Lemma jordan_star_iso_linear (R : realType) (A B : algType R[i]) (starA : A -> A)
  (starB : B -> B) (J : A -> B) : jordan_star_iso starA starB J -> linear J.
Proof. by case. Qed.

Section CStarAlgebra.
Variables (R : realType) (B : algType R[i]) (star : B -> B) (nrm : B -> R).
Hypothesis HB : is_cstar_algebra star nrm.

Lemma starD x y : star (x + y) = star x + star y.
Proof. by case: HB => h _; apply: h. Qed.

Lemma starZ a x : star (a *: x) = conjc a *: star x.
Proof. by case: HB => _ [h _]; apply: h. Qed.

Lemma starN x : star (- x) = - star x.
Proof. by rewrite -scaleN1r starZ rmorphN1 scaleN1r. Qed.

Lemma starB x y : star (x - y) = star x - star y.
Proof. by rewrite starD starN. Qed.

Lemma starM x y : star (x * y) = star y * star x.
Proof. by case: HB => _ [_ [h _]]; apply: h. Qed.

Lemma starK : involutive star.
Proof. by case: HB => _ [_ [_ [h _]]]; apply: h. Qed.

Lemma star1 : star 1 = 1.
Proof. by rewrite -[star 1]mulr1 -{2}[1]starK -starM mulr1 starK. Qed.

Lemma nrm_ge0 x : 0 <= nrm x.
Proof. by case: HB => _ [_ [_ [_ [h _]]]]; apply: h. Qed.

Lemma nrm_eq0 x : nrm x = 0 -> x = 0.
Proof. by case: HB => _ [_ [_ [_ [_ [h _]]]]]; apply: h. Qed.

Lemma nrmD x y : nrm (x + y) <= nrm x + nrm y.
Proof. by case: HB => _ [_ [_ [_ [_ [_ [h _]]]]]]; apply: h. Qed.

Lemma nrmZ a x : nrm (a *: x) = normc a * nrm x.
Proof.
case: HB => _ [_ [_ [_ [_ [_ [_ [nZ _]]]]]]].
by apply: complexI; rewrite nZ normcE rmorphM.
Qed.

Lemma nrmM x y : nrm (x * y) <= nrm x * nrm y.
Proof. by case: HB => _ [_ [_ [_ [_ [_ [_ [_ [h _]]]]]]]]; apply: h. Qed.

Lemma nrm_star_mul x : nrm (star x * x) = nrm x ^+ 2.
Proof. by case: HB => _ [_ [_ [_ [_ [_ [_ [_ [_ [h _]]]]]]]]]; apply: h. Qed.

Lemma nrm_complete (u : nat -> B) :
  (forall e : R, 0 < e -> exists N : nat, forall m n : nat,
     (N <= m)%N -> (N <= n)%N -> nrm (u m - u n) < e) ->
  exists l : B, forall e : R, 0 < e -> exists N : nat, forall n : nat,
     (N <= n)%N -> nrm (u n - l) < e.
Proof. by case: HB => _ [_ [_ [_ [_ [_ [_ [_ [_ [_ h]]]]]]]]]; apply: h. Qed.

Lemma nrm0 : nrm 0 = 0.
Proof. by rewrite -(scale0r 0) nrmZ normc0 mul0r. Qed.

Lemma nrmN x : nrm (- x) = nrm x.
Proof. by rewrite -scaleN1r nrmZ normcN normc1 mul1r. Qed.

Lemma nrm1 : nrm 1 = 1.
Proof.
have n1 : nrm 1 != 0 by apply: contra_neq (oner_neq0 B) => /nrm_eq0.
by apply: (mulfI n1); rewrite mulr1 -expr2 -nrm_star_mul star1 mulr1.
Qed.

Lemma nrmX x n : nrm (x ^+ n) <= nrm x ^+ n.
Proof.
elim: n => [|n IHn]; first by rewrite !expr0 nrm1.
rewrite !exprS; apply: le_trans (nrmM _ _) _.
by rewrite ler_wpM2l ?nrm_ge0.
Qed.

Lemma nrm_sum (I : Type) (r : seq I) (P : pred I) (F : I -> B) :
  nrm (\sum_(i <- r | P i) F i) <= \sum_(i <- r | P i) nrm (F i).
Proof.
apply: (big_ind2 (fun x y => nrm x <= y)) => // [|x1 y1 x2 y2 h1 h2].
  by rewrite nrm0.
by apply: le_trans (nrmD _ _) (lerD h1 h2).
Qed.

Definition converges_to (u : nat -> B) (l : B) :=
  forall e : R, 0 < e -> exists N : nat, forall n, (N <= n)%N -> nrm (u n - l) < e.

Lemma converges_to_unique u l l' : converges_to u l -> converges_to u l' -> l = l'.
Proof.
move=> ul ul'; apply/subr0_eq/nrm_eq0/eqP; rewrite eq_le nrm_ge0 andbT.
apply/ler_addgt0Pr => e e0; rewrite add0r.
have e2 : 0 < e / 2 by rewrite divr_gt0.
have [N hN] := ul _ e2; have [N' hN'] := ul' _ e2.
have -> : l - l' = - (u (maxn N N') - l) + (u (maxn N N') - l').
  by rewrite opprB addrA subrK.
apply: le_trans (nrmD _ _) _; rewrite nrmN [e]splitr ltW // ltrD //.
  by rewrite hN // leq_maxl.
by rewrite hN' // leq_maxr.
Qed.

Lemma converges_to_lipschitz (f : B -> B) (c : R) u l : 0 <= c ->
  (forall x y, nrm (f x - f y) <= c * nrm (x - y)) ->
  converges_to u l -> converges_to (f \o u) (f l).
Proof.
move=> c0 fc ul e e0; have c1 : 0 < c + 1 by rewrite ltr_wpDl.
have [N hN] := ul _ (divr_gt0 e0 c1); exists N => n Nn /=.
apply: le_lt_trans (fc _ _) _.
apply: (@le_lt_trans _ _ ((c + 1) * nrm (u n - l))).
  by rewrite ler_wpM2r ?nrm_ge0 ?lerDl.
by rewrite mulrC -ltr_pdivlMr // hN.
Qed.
────────────────
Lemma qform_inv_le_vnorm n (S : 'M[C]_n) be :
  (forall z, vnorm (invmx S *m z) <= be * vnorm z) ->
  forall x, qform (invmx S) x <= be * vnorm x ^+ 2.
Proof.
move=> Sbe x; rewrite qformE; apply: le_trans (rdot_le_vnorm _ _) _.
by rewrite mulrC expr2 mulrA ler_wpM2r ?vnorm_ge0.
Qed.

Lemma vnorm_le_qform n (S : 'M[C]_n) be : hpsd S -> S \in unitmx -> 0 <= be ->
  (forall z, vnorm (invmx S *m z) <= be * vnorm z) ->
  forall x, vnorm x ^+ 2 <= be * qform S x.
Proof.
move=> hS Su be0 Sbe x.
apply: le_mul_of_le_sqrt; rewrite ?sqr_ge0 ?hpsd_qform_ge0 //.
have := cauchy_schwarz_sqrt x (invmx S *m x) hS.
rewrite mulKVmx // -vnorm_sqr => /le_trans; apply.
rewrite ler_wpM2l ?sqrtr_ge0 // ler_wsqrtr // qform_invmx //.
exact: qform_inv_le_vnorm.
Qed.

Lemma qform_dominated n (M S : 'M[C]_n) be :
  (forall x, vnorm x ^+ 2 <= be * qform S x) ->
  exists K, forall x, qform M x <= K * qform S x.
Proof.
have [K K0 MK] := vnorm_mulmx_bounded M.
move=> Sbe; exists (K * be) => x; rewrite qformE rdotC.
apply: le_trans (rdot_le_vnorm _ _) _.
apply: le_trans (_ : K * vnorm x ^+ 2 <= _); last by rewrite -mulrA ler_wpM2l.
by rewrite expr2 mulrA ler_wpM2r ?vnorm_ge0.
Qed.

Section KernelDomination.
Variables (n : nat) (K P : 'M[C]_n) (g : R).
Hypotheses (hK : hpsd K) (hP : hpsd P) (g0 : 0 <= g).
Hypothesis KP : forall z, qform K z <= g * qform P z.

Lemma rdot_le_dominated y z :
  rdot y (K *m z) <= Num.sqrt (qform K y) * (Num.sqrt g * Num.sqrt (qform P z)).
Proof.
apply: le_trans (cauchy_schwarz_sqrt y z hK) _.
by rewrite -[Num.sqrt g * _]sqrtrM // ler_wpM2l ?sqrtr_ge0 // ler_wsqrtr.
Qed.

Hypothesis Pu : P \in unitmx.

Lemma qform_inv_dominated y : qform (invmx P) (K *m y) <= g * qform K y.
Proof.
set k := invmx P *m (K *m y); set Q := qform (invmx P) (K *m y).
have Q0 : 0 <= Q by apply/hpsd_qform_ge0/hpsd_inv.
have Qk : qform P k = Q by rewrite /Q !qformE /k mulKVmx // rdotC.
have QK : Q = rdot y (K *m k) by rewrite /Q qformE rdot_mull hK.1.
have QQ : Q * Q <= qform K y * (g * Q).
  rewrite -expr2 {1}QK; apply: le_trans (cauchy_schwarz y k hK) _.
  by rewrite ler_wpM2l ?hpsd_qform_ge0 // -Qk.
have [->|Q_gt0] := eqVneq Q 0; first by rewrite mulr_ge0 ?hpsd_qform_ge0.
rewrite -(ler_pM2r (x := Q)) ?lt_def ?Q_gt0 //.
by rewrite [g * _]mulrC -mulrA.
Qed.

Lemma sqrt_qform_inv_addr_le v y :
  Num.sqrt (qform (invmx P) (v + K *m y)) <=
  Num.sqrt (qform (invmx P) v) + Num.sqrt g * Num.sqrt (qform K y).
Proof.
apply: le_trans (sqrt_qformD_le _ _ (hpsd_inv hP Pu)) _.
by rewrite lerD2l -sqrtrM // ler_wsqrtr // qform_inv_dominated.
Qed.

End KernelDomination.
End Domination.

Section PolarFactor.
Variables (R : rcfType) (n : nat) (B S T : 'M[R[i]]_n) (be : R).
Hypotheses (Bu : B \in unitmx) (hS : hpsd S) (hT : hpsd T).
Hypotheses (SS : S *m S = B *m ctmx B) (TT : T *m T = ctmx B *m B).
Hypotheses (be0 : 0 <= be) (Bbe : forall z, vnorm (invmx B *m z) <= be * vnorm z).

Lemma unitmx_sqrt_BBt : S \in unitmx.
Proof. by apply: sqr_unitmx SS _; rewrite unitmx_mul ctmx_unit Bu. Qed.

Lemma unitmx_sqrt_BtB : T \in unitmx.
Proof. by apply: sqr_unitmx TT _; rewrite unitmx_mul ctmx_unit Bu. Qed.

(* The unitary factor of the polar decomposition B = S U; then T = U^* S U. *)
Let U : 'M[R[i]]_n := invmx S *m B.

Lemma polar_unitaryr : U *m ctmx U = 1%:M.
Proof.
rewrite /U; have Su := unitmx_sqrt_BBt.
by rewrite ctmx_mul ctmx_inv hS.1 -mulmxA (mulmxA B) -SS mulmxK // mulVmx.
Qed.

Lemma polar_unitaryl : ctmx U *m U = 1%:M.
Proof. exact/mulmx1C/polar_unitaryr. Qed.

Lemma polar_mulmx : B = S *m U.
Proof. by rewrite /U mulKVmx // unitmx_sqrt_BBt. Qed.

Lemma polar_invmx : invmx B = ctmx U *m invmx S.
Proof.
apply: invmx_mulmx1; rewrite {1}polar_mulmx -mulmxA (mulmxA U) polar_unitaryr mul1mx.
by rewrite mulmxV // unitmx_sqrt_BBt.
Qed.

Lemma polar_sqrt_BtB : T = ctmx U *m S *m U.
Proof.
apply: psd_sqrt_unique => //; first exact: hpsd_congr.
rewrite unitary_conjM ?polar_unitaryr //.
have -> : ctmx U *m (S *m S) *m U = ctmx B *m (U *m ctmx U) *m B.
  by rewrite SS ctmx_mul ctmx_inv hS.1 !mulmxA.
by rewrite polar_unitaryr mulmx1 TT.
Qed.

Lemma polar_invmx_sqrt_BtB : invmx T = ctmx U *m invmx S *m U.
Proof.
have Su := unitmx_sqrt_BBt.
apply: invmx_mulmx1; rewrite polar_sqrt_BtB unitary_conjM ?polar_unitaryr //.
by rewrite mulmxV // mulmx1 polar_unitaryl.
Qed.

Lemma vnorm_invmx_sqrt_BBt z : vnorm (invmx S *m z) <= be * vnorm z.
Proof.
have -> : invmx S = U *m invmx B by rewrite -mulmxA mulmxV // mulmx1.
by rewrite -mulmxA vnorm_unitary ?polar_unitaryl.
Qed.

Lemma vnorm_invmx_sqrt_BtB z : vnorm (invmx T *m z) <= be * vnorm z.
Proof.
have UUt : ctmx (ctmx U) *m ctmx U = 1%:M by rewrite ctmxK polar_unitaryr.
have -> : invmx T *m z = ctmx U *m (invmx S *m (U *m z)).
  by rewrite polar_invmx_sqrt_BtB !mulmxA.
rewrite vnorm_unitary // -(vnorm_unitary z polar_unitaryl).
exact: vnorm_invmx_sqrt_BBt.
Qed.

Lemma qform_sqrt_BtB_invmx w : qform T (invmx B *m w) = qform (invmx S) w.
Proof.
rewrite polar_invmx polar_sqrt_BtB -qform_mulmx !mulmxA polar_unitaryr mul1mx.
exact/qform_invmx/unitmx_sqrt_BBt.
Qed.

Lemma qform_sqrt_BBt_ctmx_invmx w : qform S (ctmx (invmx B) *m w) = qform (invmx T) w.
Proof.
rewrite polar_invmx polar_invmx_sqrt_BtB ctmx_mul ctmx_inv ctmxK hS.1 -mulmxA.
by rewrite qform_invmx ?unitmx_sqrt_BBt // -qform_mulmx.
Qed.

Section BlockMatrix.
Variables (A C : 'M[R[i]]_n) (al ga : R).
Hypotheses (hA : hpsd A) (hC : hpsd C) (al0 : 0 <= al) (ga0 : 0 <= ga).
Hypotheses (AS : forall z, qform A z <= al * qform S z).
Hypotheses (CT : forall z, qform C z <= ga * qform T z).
────────────────
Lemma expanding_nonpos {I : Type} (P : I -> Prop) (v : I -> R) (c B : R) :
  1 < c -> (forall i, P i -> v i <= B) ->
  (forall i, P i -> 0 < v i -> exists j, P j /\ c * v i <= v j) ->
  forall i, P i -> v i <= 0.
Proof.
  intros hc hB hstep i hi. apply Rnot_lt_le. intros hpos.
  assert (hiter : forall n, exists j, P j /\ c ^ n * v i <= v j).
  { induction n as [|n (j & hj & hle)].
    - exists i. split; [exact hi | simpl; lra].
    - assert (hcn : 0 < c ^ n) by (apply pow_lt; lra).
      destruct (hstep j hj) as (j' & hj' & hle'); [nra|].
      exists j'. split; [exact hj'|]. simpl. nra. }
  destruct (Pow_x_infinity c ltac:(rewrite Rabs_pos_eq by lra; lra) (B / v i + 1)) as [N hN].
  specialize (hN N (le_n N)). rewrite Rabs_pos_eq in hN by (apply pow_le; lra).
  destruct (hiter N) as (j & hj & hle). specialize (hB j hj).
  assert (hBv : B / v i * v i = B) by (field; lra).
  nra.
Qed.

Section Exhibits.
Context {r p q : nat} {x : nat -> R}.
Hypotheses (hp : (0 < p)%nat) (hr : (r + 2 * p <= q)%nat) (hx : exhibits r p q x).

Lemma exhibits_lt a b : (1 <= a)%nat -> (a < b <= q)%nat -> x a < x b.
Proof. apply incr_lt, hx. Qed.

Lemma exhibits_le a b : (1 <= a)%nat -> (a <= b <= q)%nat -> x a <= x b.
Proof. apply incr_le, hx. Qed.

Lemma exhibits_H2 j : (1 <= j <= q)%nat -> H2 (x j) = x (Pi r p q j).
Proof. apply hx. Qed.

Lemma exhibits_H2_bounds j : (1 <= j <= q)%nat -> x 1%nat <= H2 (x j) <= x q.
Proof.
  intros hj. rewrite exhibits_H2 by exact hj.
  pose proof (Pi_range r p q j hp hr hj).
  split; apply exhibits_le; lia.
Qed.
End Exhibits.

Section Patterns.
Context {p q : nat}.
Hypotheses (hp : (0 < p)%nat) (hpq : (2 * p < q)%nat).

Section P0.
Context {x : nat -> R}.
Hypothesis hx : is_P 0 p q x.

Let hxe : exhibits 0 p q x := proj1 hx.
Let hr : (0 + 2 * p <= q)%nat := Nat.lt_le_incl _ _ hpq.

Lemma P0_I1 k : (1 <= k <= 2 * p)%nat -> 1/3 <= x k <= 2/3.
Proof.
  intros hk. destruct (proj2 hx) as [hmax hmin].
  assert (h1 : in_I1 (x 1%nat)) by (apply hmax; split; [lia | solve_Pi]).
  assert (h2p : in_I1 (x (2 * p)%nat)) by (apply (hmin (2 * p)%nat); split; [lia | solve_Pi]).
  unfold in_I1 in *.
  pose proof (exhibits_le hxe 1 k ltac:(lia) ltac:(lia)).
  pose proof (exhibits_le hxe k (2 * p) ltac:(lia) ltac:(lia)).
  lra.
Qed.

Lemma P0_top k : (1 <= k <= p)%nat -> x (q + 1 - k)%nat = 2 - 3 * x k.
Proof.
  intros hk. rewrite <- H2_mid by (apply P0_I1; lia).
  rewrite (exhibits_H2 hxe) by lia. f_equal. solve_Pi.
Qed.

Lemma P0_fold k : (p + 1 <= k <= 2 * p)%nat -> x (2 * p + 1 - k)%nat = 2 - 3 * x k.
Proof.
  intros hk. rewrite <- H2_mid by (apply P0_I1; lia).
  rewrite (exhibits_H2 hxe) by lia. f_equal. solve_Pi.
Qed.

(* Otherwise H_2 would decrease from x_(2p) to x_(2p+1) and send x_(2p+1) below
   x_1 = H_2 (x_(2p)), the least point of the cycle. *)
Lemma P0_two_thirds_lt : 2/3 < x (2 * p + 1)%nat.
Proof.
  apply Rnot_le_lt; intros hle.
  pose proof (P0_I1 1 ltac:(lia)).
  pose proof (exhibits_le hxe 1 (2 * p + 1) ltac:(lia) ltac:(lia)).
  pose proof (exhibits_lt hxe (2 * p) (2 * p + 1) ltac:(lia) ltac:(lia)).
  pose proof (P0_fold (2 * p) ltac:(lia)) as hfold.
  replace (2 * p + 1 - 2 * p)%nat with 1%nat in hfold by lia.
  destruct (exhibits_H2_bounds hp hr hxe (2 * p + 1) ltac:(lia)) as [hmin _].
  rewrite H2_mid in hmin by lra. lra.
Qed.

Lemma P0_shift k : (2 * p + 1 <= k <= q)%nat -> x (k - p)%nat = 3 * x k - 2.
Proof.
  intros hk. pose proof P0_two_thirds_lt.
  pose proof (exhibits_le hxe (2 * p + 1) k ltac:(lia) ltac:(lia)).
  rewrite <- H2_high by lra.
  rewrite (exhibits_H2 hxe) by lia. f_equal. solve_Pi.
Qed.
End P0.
────────────────
◆ DESCRIPTION OF THE TASK ◆
From the records above, give again exactly the lines running from the line with "Hypothesis Pu : P \in unitmx." to the line with "by rewrite lerD2l", inclusive.

◆ OUTPUT FOR THIS TASK ◆
Hypothesis Pu : P \in unitmx.

Lemma qform_inv_dominated y : qform (invmx P) (K *m y) <= g * qform K y.
Proof.
set k := invmx P *m (K *m y); set Q := qform (invmx P) (K *m y).
have Q0 : 0 <= Q by apply/hpsd_qform_ge0/hpsd_inv.
have Qk : qform P k = Q by rewrite /Q !qformE /k mulKVmx // rdotC.
have QK : Q = rdot y (K *m k) by rewrite /Q qformE rdot_mull hK.1.
have QQ : Q * Q <= qform K y * (g * Q).
  rewrite -expr2 {1}QK; apply: le_trans (cauchy_schwarz y k hK) _.
  by rewrite ler_wpM2l ?hpsd_qform_ge0 // -Qk.
have [->|Q_gt0] := eqVneq Q 0; first by rewrite mulr_ge0 ?hpsd_qform_ge0.
rewrite -(ler_pM2r (x := Q)) ?lt_def ?Q_gt0 //.
by rewrite [g * _]mulrC -mulrA.
Qed.

Lemma sqrt_qform_inv_addr_le v y :
  Num.sqrt (qform (invmx P) (v + K *m y)) <=
  Num.sqrt (qform (invmx P) v) + Num.sqrt g * Num.sqrt (qform K y).
Proof.
apply: le_trans (sqrt_qformD_le _ _ (hpsd_inv hP Pu)) _.
by rewrite lerD2l -sqrtrM // ler_wsqrtr // qform_inv_dominated.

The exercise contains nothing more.